Todd Bettison is starting as chief of the Detroit Police Department with an eye toward transparency. The veteran officer, former assistant chief and deputy mayor spent years building bridges with communities in Detroit and helping to craft the neighborhood-based violence intervention effort "ShotStopper." Bettison said those relationships remain at the forefront as he plans for the future of the department, reports BridgeDetoit. Bettison said he’s building off the work of his predecessor and working on several initiatives aimed at boosting community confidence in police services. Bettison’s priorities include overhauling policies and procedures, rolling out a new missing person alert system, improving communication with families of homicide and nonfatal shooting victims, adding personnel to close out cold cases and cracking down on gas stations that sell tobacco products to minors.  Detroit Mayor Mike Duggan appointed Bettison after former chief James White stepped down to lead the Detroit Wayne Integrated Health Network.

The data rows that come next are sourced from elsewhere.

Lemma edge_compP (F : {fset ledge}) (e : ledge) :
  reflect (e \in F /\ forall e', e' \in F ->
             incident (src e) e' || incident (tgt e) e' -> e' = e)
  (edge_comp F e).
Proof.
apply: (iffP andP) => [[e_F /allP isolated] | [e_F isolated]]; split=> //.
  by move=> e' e'_F /(implyP (isolated e' e'_F))/eqP.
by apply/allP => e' e'_F; apply/implyP => /(isolated e' e'_F)->.
Qed.

Lemma clar_coverP (G : graph) (F : {fset ledge}) :
  reflect (F `<=` gE G /\ forall v, v \in gV G ->
     (exists2 p, p \in hexes G & hex_comp G F p && (v \in hex_verts p)) \/
     (exists2 e, e \in F & edge_comp F e && incident v e))
  (clar_cover G F).
Proof.
apply: (iffP andP) => [[F_G /allP covered] | [F_G covered]]; split=> //.
  by move=> v v_G; case/orP: (covered v v_G) => /hasP; [left | right].
by apply/allP => v v_G; apply/orP; case: (covered v v_G) => /hasP; [left | right].
Qed.

Lemma hex_comp_hexes {G : graph} {F : {fset ledge}} {p : vert} :
  hex_comp G F p -> p \in hexes G.
Proof. by case/and3P. Qed.

Lemma in_del_hex_edges (G : graph) (h : vert) (e : ledge) :
  (e \in gE (del_hex G h)) =
  [&& e \in gE G, src e \notin hex_verts h & tgt e \notin hex_verts h].
Proof. by rewrite !inE /=; case: (e \in gE G); rewrite ?andbT ?andbF. Qed.

Lemma in_del_hex_verts (G : graph) (h v : vert) :
  (v \in gV (del_hex G h)) = (v \in gV G) && (v \notin hex_verts h).
Proof. by rewrite !inE /= andbC. Qed.

Lemma hexes_del_hex {G : graph} {h p : vert} : p \in hexes (del_hex G h) ->
  p \in hexes G /\ {in hex_verts p, forall v, v \notin hex_verts h}.
Proof.
rewrite !in_hexes => /andP [ev_p /allP p_G']; split.
  by rewrite ev_p; apply/allP => e /p_G'; rewrite in_del_hex_edges => /and3P [].
move=> v /hex_vertex_edge [e e_p /orP [] /eqP<-];
  by have:= p_G' e e_p; rewrite in_del_hex_edges => /and3P [].
Qed.

Lemma hex_not_in_del_hex (G : graph) (h : vert) : h \notin hexes (del_hex G h).
Proof.
apply/negP => /hexes_del_hex [_]; case: h => x y /(_ (x, y)).
by rewrite !inE eqxx => /(_ isT).
Qed.

Lemma hex_comp_disjoint {G : graph} {F : {fset ledge}} {h p : vert} :
  hex_comp G F h -> hex_comp G F p -> p != h ->
  {in hex_verts p, forall v, v \notin hex_verts h}.
Proof.
move=> /hex_compP [h_G h_F _] /hex_compP [p_G _ p_closed] p_neq_h v v_p.
apply: contra p_neq_h => v_h; apply/eqP/esym.
move: h_G p_G h_F v_p v_h; case: h => a b; case: p p_closed => c d p_closed.
rewrite !in_hexes => /andP [ev_ab _] /andP [ev_cd _] h_F v_p v_h.
apply: (hex_eq_of_shared_vertex ev_ab ev_cd _ _ v_h v_p) => e e_ab.
exact/p_closed/h_F.
Qed.

Definition hex_fset (h : vert) : {fset ledge} := seq_fset tt (hex_edges h).

Lemma in_hex_fset (h : vert) (e : ledge) : (e \in hex_fset h) = (e \in hex_edges h).
Proof. exact: seq_fsetE. Qed.

Section DeleteHexagon.

Variables (G : graph) (h : vert).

Bettison inherits a well-staffed department as crime in the city is trending down. Bettison is creating a Transformation Management Bureau to look at how we’re doing things, do research and come up with how to run the department better and benchmark it and create things that don’t exist so that others can look toward the department as a model. He worked with community groups called Detroit 300, New Era Detroit, and Force Detroit as assistant chief. Bettison set up ShotStoppers, creating a system of metrics in three to four square miles called “CVI Zones” He says, "It was all based on data. Those zones are historically the hot spots. We look back five years and look at homicides and non-fatal shootings, where people got shot and didn’t die, those were real hot spots."